Finally, Plaintiff alleges that Defendant was coerced into enforcing the federal vaccine mandate to secure federal funding, specifically Medicare and Medicaid. The mere receipt of federal funds however does not suffice to transform a private entity into a state actor. See Rockwell v. Cape Cod Hosp., 26 F.3d 254, 258 (1st Cir. 1994); McEntee v. Beth Israel Lahey Health, Inc., 685 F.Supp.3d 43 (D.Mass. 2023) (finding receipt of federal funds such as Medicare and Medicaid insufficient to establish private hospital as state actor).

The Court recognizes Plaintiff's observation that the Title VII and Chapter 151(b) claims were not dismissed under McEntee, 685 F.Supp.3d 43. However, this case is cited solely as precedent for dismissing Plaintiff's constitutional claims, consistent with the judgments rendered in McEntee. Concerning the dispute over counsel's involvement in Bush v. Wang Center for Performing Arts, Inc., 2022 WL 17812937 (D.Mass. Oct. 31, 2022), the Court finds this matter irrelevant to the present case.

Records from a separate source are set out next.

(* For $a\in\mathcal{A}'$ write $\overline{a}=a+\mathrm{II}\in\mathcal{A}'/\mathrm{II}$. Then for all $a\in\mathcal{A}'$, all $i,j\in\{1,\dots,n\}$ and every rational function $\phi(t)$ with $\phi(H)\in\mathcal{A}'$: \begin{align*} \overline{a}\diamond\overline{\partial_j}&=\overline{a\partial_j}, & \overline{x^i}\diamond\overline{a}&=\overline{x^ia},\\ \overline{\partial_i}\diamond\overline{\gamma^j}&=\overline{\partial_i\gamma^j-\varphi_1(H-1)\gamma_i\partial^j}, & \overline{\gamma^i}\diamond\overline{\gamma^j}&=\overline{\gamma^i\gamma^j-2\varphi_1(H)x^i\partial^j},\\ \overline{\partial_i}\diamond\overline{x^j}&=\overline{\partial_ix^j-\tfrac{\varphi_1(H-1)}{2}\gamma_i\gamma^j+\varphi_2(H-1)x_i\partial^j}, & \overline{\gamma^i}\diamond\overline{x^j}&=\overline{\gamma^ix^j-\varphi_1(H)x^i\gamma^j},\\ \overline{\phi(H)}\diamond\overline{a}&=\overline{\phi(H)a}, & \overline{a}\diamond\overline{\phi(H)}&=\overline{a\phi(H)}. \end{align*}
   Context: Fix $n\ge1$ and an invertible complex matrix $\eta=(\eta^{ij})$ with $\eta^{ij}=\eta^{ji}$ and inverse $(\eta_{ij})$. $\mathcal{A}=W(2n|n)$ is the associative superalgebra generated by even $x^1,\dots,x^n,\partial_1,\dots,\partial_n$ and odd $\gamma^1,\dots,\gamma^n$ with relations $x^ix^j=x^jx^i$, $\partial_i\partial_j=\partial_j\partial_i$, $\partial_ix^j-x^j\partial_i=\delta_i^j$, $\gamma^i$ commuting with all $x^j,\partial_j$, $\gamma^i\gamma^j+\gamma^j\gamma^i=2\eta^{ij}$. Repeated indices are summed; $x_i=\eta_{ij}x^j$, $\partial^i=\eta^{ij}\partial_j$, $\gamma_i=\eta_{ij}\gamma^j$. Set $X=\frac{\sqrt{-1}}{\sqrt2}\gamma^i\partial_i$, $Y=\frac{\sqrt{-1}}{\sqrt2}\gamma^ix_i$, $H=-\frac12(\partial_ix^i+x^i\partial_i)$, $E=-\frac12\partial^i\partial_i$, $F=\frac12x^ix_i$. Let $\mathcal{A}'$ be the localization of $\mathcal{A}$ at the multiplicative set generated by $\{H+k:k\in\mathbb{Z}\}$, and $\mathrm{II}:=Y\mathcal{A}'+F\mathcal{A}'+\mathcal{A}'X+\mathcal{A}'E$. Define $\kappa_k(t)=-k/2$ for $k$ even and $\kappa_k(t)=t+\frac{k+1}{2}$ for $k$ odd, and $\varphi_n(t)=\prod_{k=1}^n\frac{(-1)^k}{\kappa_k(t)}$ (so $\varphi_0=1$, $\varphi_1(t)=-\frac1{t+1}$, $\varphi_2(t)=\frac1{t+1}$). The diamond product on $\mathcal{A}'/\mathrm{II}$ is $\overline a\diamond\overline b:=\sum_{k\ge0}a\,\varphi_k(H)Y^kX^k\,b+\mathrm{II}$, where all but finitely many summands lie in $\mathrm{II}$ (as $X$ acts locally nilpotently). *)

(* Scalars: algC (algebraic complex numbers, containing
   sqrt(-1) and sqrt 2).  The superalgebra A' = W(2n|n) localized at
   {H+k : k in Z} is presented by generators and relations:
   terms of the free C-algebra on x^i, d_i, g^i (0-based i : 'I_n) and
   u_k (k : int, standing for (H+k)^{-1}), modulo the smallest congruence
   [teq] containing the unital associative C-algebra axioms and the
   defining relations of W(2n|n) together with u_k (H+k) = (H+k) u_k = 1.
   (Universally inverting a set of elements is the same as the Ore
   localization when the latter exists, by its universal property.) *)
From HB Require Import structures.
From mathcomp Require Import all_boot all_order all_algebra all_field.
Set Implicit Arguments. Unset Strict Implicit. Unset Printing Implicit Defensive.
Import Order.TTheory GRing.Theory Num.Theory.
Local Open Scope ring_scope.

Accordingly, because Plaintiff fails to allege plausible facts to establish that Defendant is a state actor, the motion for judgment on the pleadings is granted as to Counts II and III.

V. CONCLUSION

For the foregoing reasons, the motion for judgment on the pleadings as to all three counts is GRANTED as to Counts II and III and DENIED as to Count I.

SO ORDERED.


Summaries of

Williams v. Umass Mem'l Health All.-Clinton Hosp.

United States District Court, D. Massachusetts
Sep 30, 2024
Civil Action 23-40051-MRG (D. Mass. Sep. 30, 2024)
Case details for

Williams v. Umass Mem'l Health All.-Clinton Hosp.

Case Details

Full title:NATALE WILLIAMS, Plaintiff, v. UMASS MEMORIAL HEALTH ALLIANCE-CLINTON…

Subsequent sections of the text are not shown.